MIDAS Seminar: Chris Miller, PhD, University of Michigan
January 25 @ 4:00 pm - 5:00 pm
Room 340 West Hall
Chris Miller, PhD
Associate Professor of Astronomy
Associate Professor of Physics
College of Literature, Science, and the Arts
University of Michigan
Quantify Systematics from Mislabeled Truth Tables in Supervised Learning
Abstract: Many real world classification problems use ground truth labels created by human annotators. However, observed data is never perfect, and even labels assigned by perfect annotators can be systematically biased due to poor quality of the data they are labeling. This bias is not created by the annotators from measurement error, but is intrinsic to the observational data. We present a method for de-biasing labels which simultaneously learns a classification model, estimates the intrinsic biases in the ground truth, and provides new de-biased labels. We test our algorithm on simulated and real data and show that it is superior to standard denoising algorithms, like instance weighted logistic regression. We apply our technique to galaxy images and find that the morphologies based on supervised machine-learning trained over features such as colors, shape, and concentration show significantly less bias than morphologies based on expert or citizen-science classifiers. This result holds even when there is underlying bias present in the training sets used in the supervised machine learning process.

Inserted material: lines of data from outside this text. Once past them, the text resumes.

(* Let $N\ge 2$ be an integer, let $C>0$, and let $q,s,k\in[0,1]$ with $q>s$. Define $\Phi:[0,1]\to[0,1]$ by $$\Phi(b,0)=\frac{[qb+s(1-b)](1-k)}{[qb+s(1-b)](1-k)+[(1-q)b+(1-s)(1-b)]}=\frac{[qb+s(1-b)](1-k)}{1-[qb+s(1-b)]k},$$ and define functions $J_l,A_l:[0,1]\to\mathbb{R}$ by backward recursion: $J_{N-1}(b)=(1-kb)C$, and for $l=N-2,N-3,\dots,0$, $$A_l(b)=(1-kb)C+\big(bq+(1-b)s\big)k\,J_{l+1}(1)+\big(1-(bq+(1-b)s)k\big)\,J_{l+1}(\Phi(b,0)),\qquad J_l(b)=\min\{C,A_l(b)\}.$$ Then for each $l\in\{0,1,\dots,N-2\}$, the function $b\mapsto A_l(b)$ is piecewise linear and concave on $[0,1]$.
   Context: This is the dynamic program of a finite-horizon POMDP for relay selection: $b\in[0,1]$ is the belief (conditional probability given past acknowledgement history) that the current relay link is good; $q$ is the probability a good link stays good, $s$ the probability a bad link becomes good, $k$ the probability an acknowledgement is received when the link is good (it is never received when the link is bad); $C$ is the penalty for a packet loss or for exploring and switching; $\Phi(b,0)$ is the Bayesian belief update after an acknowledgement failure (after an acknowledgement success the belief becomes $1$). $J_l$ is the optimal expected cost-to-go at time $l$, $C$ is the cost of exploring/switching, and $A_l$ is the expected cost of continuing on the current link. *)

From Stdlib Require Import Reals Lra.
Open Scope R_scope.

(* Bayesian belief update after an acknowledgement failure, Phi(b,0). *)
Definition Phi (q s k b : R) : R :=
  ((q * b + s * (1 - b)) * (1 - k)) /
  ((q * b + s * (1 - b)) * (1 - k) + ((1 - q) * b + (1 - s) * (1 - b))).

(* Jrec n = J_{N-1-n}  (n = number of remaining backward steps). *)
Fixpoint Jrec (C q s k : R) (n : nat) (b : R) {struct n} : R :=
  match n with
  | O => (1 - k * b) * C
  | S m =>
      Rmin C ((1 - k * b) * C
              + (b * q + (1 - b) * s) * k * Jrec C q s k m 1
              + (1 - (b * q + (1 - b) * s) * k) * Jrec C q s k m (Phi q s k b))
  end.

Definition J (N : nat) (C q s k : R) (l : nat) (b : R) : R :=
  Jrec C q s k (N - 1 - l) b.

(* A_l for horizon N (meaningful for l <= N-2): uses J_{l+1}. *)
Definition A (N : nat) (C q s k : R) (l : nat) (b : R) : R :=
  (1 - k * b) * C
  + (b * q + (1 - b) * s) * k * J N C q s k (S l) 1
  + (1 - (b * q + (1 - b) * s) * k) * J N C q s k (S l) (Phi q s k b).

Definition piecewise_linear01 (f : R -> R) : Prop :=
  exists (n : nat) (x a c : nat -> R),
    x O = 0 /\ x n = 1 /\
    (forall i, (i < n)%nat -> x i < x (S i)) /\
    (forall i, (i < n)%nat -> forall b, x i <= b <= x (S i) -> f b = a i * b + c i).

Definition concave01 (f : R -> R) : Prop :=
  forall x y t, 0 <= x <= 1 -> 0 <= y <= 1 -> 0 <= t <= 1 ->
    t * f x + (1 - t) * f y <= f (t * x + (1 - t) * y).

From Stdlib Require Import Reals Rminmax Lra Lia Psatz.
Open Scope R_scope.

(* Every J_l is, on [0,1], a minimum of finitely many affine functions of the
   belief.  The continuation term b |-> (1 - p(b) k) g(Phi b), with
   p(b) = b q + (1 - b) s, is a perspective transform: its weight is affine and
   nonnegative, and (1 - p(b) k) Phi b = p(b) (1 - k) is affine as well, so it
   maps affine functions to affine functions and commutes with minima.  Hence
   the backward recursion preserves "minimum of affine functions", and A_l, the
   sum of such a minimum and an affine function, is concave and piecewise
   linear. *)

Inductive min_affine01 (f : R -> R) : Prop :=
| min_affine01_line a c :
    (forall x, 0 <= x <= 1 -> f x = a * x + c) -> min_affine01 f
| min_affine01_min g a c : min_affine01 g ->
    (forall x, 0 <= x <= 1 -> f x = Rmin (g x) (a * x + c)) -> min_affine01 f.

Lemma min_affine01_ext f g :
  min_affine01 f -> (forall x, 0 <= x <= 1 -> f x = g x) -> min_affine01 g.
Proof.
  intros [a c Hf | h a c Hh Hf] Efg.
  - apply (min_affine01_line g a c); intros x Hx; rewrite <- Efg; auto.
  - apply (min_affine01_min g h a c Hh); intros x Hx; rewrite <- Efg; auto.
Qed.

Lemma min_affine01_add_line f a c :
  min_affine01 f -> min_affine01 (fun x => f x + (a * x + c)).
Proof.
  induction 1 as [f a0 c0 Hf | f g a0 c0 Hg IH Hf].
  - apply (min_affine01_line _ (a0 + a) (c0 + c)); intros x Hx.
    rewrite Hf by auto; ring.
  - apply (min_affine01_min _ _ (a0 + a) (c0 + c) IH); intros x Hx.
    rewrite Hf, <- R.plus_min_distr_r by auto; f_equal; ring.
Qed.

Lemma min_affine01_perspective f w phi aw cw ap cp :
  (forall b, 0 <= b <= 1 -> w b = aw * b + cw) ->
  (forall b, 0 <= b <= 1 -> 0 <= w b) ->
  (forall b, 0 <= b <= 1 -> 0 <= phi b <= 1) ->
  (forall b, 0 <= b <= 1 -> w b * phi b = ap * b + cp) ->
  min_affine01 f -> min_affine01 (fun b => w b * f (phi b)).
Proof.
  intros Hw_aff Hw_ge0 Hphi Hwphi.
  assert (Hline : forall a c b, 0 <= b <= 1 ->
            w b * (a * phi b + c) = (a * ap + c * aw) * b + (a * cp + c * cw)).
  { intros a c b Hb.
    rewrite Rmult_plus_distr_l, (Rmult_comm a), <- Rmult_assoc, Hwphi, Hw_aff by auto.
    ring. }
  induction 1 as [f a c Hf | f g a c Hg IH Hf].
  - apply (min_affine01_line _ (a * ap + c * aw) (a * cp + c * cw)); intros b Hb.
    rewrite Hf by auto; auto.
  - apply (min_affine01_min _ _ (a * ap + c * aw) (a * cp + c * cw) IH); intros b Hb.
    rewrite Hf, <- Hline by auto.
    symmetry; apply R.min_monotone.
    intros x y Hxy; apply Rmult_le_compat_l; auto.
Qed.

Lemma min_affine01_concave f : min_affine01 f -> concave01 f.
Proof.
  induction 1 as [f a c Hf | f g a c Hg IH Hf]; intros x y t Hx Hy Ht;
    assert (0 <= t * x + (1 - t) * y <= 1) by nra; rewrite !Hf by auto.
  - nra.
  - specialize (IH x y t Hx Hy Ht).
    pose proof (Rmin_l (g x) (a * x + c)); pose proof (Rmin_r (g x) (a * x + c)).
    pose proof (Rmin_l (g y) (a * y + c)); pose proof (Rmin_r (g y) (a * y + c)).
    apply Rmin_glb; nra.
Qed.

Inductive piecewise_affine (f : R -> R) : R -> R -> Prop :=
| piecewise_affine_piece u v a c : u < v ->
    (forall x, u <= x <= v -> f x = a * x + c) -> piecewise_affine f u v
| piecewise_affine_cat u w v :
    piecewise_affine f u w -> piecewise_affine f w v -> piecewise_affine f u v.

Lemma piecewise_affine_lt f u v : piecewise_affine f u v -> u < v.
Proof. induction 1; lra. Qed.

Lemma piecewise_affine_ext f g u v : piecewise_affine f u v ->
  (forall x, u <= x <= v -> f x = g x) -> piecewise_affine g u v.
Proof.
  induction 1 as [u v a c Huv Hf | u w v Huw IHuw Hwv IHwv]; intros Efg.
  - apply (piecewise_affine_piece g u v a c Huv); intros x Hx; rewrite <- Efg; auto.
  - pose proof (piecewise_affine_lt _ _ _ Huw); pose proof (piecewise_affine_lt _ _ _ Hwv).
    apply (piecewise_affine_cat g u w v).
    + apply IHuw; intros; apply Efg; lra.
    + apply IHwv; intros; apply Efg; lra.
Qed.

Lemma piecewise_affine_min_ordered_lines u v a1 c1 a2 c2 : u < v ->
  (forall x, u <= x <= v -> a1 * x + c1 <= a2 * x + c2) \/
  (forall x, u <= x <= v -> a2 * x + c2 <= a1 * x + c1) ->
  piecewise_affine (fun x => Rmin (a1 * x + c1) (a2 * x + c2)) u v.
Proof.
  intros Huv [H12 | H21].
  - apply (piecewise_affine_piece _ u v a1 c1 Huv); intros; apply Rmin_left; auto.
  - apply (piecewise_affine_piece _ u v a2 c2 Huv); intros; apply Rmin_right; auto.
Qed.

Lemma lines_ordered_off_crossing u v t a1 c1 a2 c2 :
  (forall x, a1 * x + c1 - (a2 * x + c2) = (a1 - a2) * (x - t)) ->
  v <= t \/ t <= u ->
  (forall x, u <= x <= v -> a1 * x + c1 <= a2 * x + c2) \/
  (forall x, u <= x <= v -> a2 * x + c2 <= a1 * x + c1).
Proof.
  intros Hd Ht.
  destruct (Rle_dec (a1 - a2) 0), Ht;
    [right | left | left | right]; intros x Hx; specialize (Hd x); nra.
Qed.

Lemma piecewise_affine_min_lines u v a1 c1 a2 c2 : u < v ->
  piecewise_affine (fun x => Rmin (a1 * x + c1) (a2 * x + c2)) u v.
Proof.
  intros Huv.
  destruct (Req_dec a1 a2) as [<- | Ha].
  { apply piecewise_affine_min_ordered_lines; auto.
    destruct (Rle_dec c1 c2); [left | right]; intros; lra. }
  set (t := (c2 - c1) / (a1 - a2)).
  assert (Hd : forall x, a1 * x + c1 - (a2 * x + c2) = (a1 - a2) * (x - t))
    by (intros; unfold t; field; lra).
  assert (Hpiece : forall w z, w < z -> z <= t \/ t <= w ->
            piecewise_affine (fun x => Rmin (a1 * x + c1) (a2 * x + c2)) w z).
  { intros w z Hwz Ht.
    apply piecewise_affine_min_ordered_lines, (lines_ordered_off_crossing _ _ t); auto. }
  destruct (Rlt_dec u t), (Rlt_dec t v);
    [apply (piecewise_affine_cat _ u t v) |..]; apply Hpiece; lra.
Qed.

Lemma piecewise_affine_min_line g u v a c : piecewise_affine g u v ->
  piecewise_affine (fun x => Rmin (g x) (a * x + c)) u v.
Proof.
  induction 1 as [u v a1 c1 Huv Hg | u w v _ IHuw _ IHwv].
  - apply piecewise_affine_ext with (fun x => Rmin (a1 * x + c1) (a * x + c)).
    + apply piecewise_affine_min_lines; auto.
    + intros x Hx; rewrite Hg; auto.
  - apply (piecewise_affine_cat _ u w v); auto.
Qed.

Lemma min_affine01_piecewise_affine f : min_affine01 f -> piecewise_affine f 0 1.
Proof.
  induction 1 as [f a c Hf | f g a c Hg IH Hf].
  - apply (piecewise_affine_piece f 0 1 a c); auto; lra.
  - apply piecewise_affine_ext with (fun x => Rmin (g x) (a * x + c)).
    + apply piecewise_affine_min_line; auto.
    + intros x Hx; rewrite Hf; auto.
Qed.

Definition piecewise_linear_on (f : R -> R) (u v : R) : Prop :=
  exists (n : nat) (x a c : nat -> R),
    x O = u /\ x n = v /\
    (forall i, (i < n)%nat -> x i < x (S i)) /\
    (forall i, (i < n)%nat -> forall b, x i <= b <= x (S i) -> f b = a i * b + c i).

Lemma piecewise_linear_on_cat f u w v :
  piecewise_linear_on f u w -> piecewise_linear_on f w v -> piecewise_linear_on f u v.
Proof.
  intros (n1 & x1 & a1 & c1 & X0 & Xn & Xinc & Xaff)
         (n2 & x2 & a2 & c2 & Y0 & Yn & Yinc & Yaff).
  set (x i := if (i <=? n1)%nat then x1 i else x2 (i - n1)%nat).
  assert (Hx_left : forall i, (i <= n1)%nat -> x i = x1 i).
  { intros i Hi; unfold x; destruct (Nat.leb_spec i n1); [auto | lia]. }
  assert (Hx_right : forall i, (n1 <= i)%nat -> x i = x2 (i - n1)%nat).
  { intros i Hi; unfold x; destruct (Nat.leb_spec i n1); [|auto].
    replace i with n1 by lia; rewrite Nat.sub_diag; congruence. }
  exists (n1 + n2)%nat, x,
    (fun i => if (i <? n1)%nat then a1 i else a2 (i - n1)%nat),
    (fun i => if (i <? n1)%nat then c1 i else c2 (i - n1)%nat).
  repeat split.
  - rewrite Hx_left by lia; auto.
  - rewrite Hx_right by lia; replace (n1 + n2 - n1)%nat with n2 by lia; auto.
  - intros i Hi; destruct (Nat.ltb_spec i n1).
    + rewrite !Hx_left by lia; apply Xinc; lia.
    + rewrite !Hx_right by lia; replace (S i - n1)%nat with (S (i - n1)) by lia.
      apply Yinc; lia.
  - intros i Hi b; destruct (Nat.ltb_spec i n1).
    + rewrite !Hx_left by lia; apply Xaff; lia.
    + rewrite !Hx_right by lia; replace (S i - n1)%nat with (S (i - n1)) by lia.
      apply Yaff; lia.
Qed.

Lemma piecewise_affine_linear_on f u v :
  piecewise_affine f u v -> piecewise_linear_on f u v.
Proof.
  induction 1 as [u v a c Huv Hf | u w v _ IHuw _ IHwv].
  - exists 1%nat, (fun i => match i with O => u | _ => v end), (fun _ => a), (fun _ => c).
    repeat split; intros i Hi; replace i with O by lia; auto.
  - apply (piecewise_linear_on_cat f u w v); auto.
Qed.

Lemma Rdiv_sum_bounds x y : 0 <= x -> 0 <= y -> 0 <= x / (x + y) <= 1.
Proof.
  intros Hx Hy.
  destruct (Req_dec (x + y) 0) as [E | E].
  - rewrite E, Rdiv_0_r; lra.
  - assert (0 < / (x + y)) by (apply Rinv_0_lt_compat; lra).
    pose proof (Rinv_r (x + y) E).
    unfold Rdiv; split; nra.
Qed.

Section BeliefRecursion.

Variables q s k : R.
Hypotheses (Hq : 0 <= q <= 1) (Hs : 0 <= s <= 1) (Hk : 0 <= k <= 1).

Lemma Phi_bounds b : 0 <= b <= 1 -> 0 <= Phi q s k b <= 1.
Proof. intros Hb; unfold Phi; apply Rdiv_sum_bounds; [apply Rmult_le_pos |]; nra. Qed.

Lemma nack_prob_mul_Phi b : 0 <= b <= 1 ->
  (1 - (b * q + (1 - b) * s) * k) * Phi q s k b = (q * b + s * (1 - b)) * (1 - k).
Proof.
  intros Hb; unfold Phi.
  set (p := q * b + s * (1 - b)).
  assert (Hp : 0 <= p <= 1) by (unfold p; nra).
  replace (p * (1 - k) + ((1 - q) * b + (1 - s) * (1 - b))) with (1 - p * k)
    by (unfold p; ring).
  replace (b * q + (1 - b) * s) with p by (unfold p; ring).
  destruct (Req_dec (1 - p * k) 0) as [E | E].
  (* [1 - p k = 0] forces [p = k = 1]: then both sides vanish, Phi being [0/0 = 0]. *)
  - rewrite E; assert (p = 1 /\ k = 1) as [-> ->] by nra; ring.
  - field; auto.
Qed.

Lemma min_affine01_Bellman_step C g : min_affine01 g ->
  min_affine01 (fun b => (1 - k * b) * C + (b * q + (1 - b) * s) * k * g 1
                         + (1 - (b * q + (1 - b) * s) * k) * g (Phi q s k b)).
Proof.
  intros Hg.
  apply min_affine01_ext with
    (fun b => (1 - (b * q + (1 - b) * s) * k) * g (Phi q s k b)
              + (((q - s) * k * g 1 - k * C) * b + (C + s * k * g 1))).
  - apply min_affine01_add_line.
    apply (min_affine01_perspective g _ _ (- (q - s) * k) (1 - s * k)
             ((q - s) * (1 - k)) (s * (1 - k))); auto.
    + intros b _; ring.
    + intros b Hb; assert (0 <= b * q + (1 - b) * s <= 1) by nra; nra.
    + exact Phi_bounds.
    + intros b Hb; rewrite nack_prob_mul_Phi by auto; ring.
  - intros b _; ring.
Qed.

Lemma min_affine01_Jrec C n : min_affine01 (Jrec C q s k n).
Proof.
  induction n as [| n IH]; simpl.
  - apply (min_affine01_line _ (- k * C) C); intros; ring.
  - apply (min_affine01_min _ _ 0 C (min_affine01_Bellman_step C _ IH)); intros x _.
    rewrite Rmin_comm; f_equal; ring.
Qed.

End BeliefRecursion.

Theorem proposition1 (N : nat) (C q s k : R) :
  (2 <= N)%nat -> 0 < C ->
  0 <= q <= 1 -> 0 <= s <= 1 -> 0 <= k <= 1 -> s < q ->
  forall l : nat, (l <= N - 2)%nat ->
    piecewise_linear01 (A N C q s k l) /\ concave01 (A N C q s k l).
Proof.
  intros _ _ Hq Hs Hk _ l _.
  assert (HA : min_affine01 (A N C q s k l)).
  { unfold A, J; apply min_affine01_Bellman_step, min_affine01_Jrec; auto. }
  split.
  - apply piecewise_affine_linear_on, min_affine01_piecewise_affine, HA.
  - apply min_affine01_concave, HA.
Qed.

Bio: Chris Miller is a leader in astroinformatics – mixing computer science, advanced statistics, and data mining to answer key cosmological questions. His specialty is using galaxy clusters to trace the distribution of matter in the universe. After years exploiting the Sloan Digital Sky Survey, he is now heavily involved in the Dark Energy Survey and Dark Energy Spectroscopic Survey, two of the largest current astronomical survey efforts. Professor Miller used his galaxy-cluster research to support the Big Bang theory by aligning findings from opposing cosmological epochs. He was the first to see the signatures of sound waves from the very early universe that were “frozen into” the matter-density distribution that we observe today. His analysis of the current universe synched neatly with the acoustic oscillations of the early universe detected in the cosmic microwave background, and demonstrated the power of combining big-survey with focused observational follow-up data. He has published in a variety of journals outside his own fields of physics and astronomy, including NIPS, ICPR, The Annals of Applied Statistics, and Statistical Science.
Background: BS, Penn State; PhD, University of Maine. Postdoc (2000-2005) Carnegie-Mellon; Faculty (2005-2009) National Optical Astronomy Observatory/Chile. Hired in 2010 at U-M under a presidential initiative for advancing data mining research.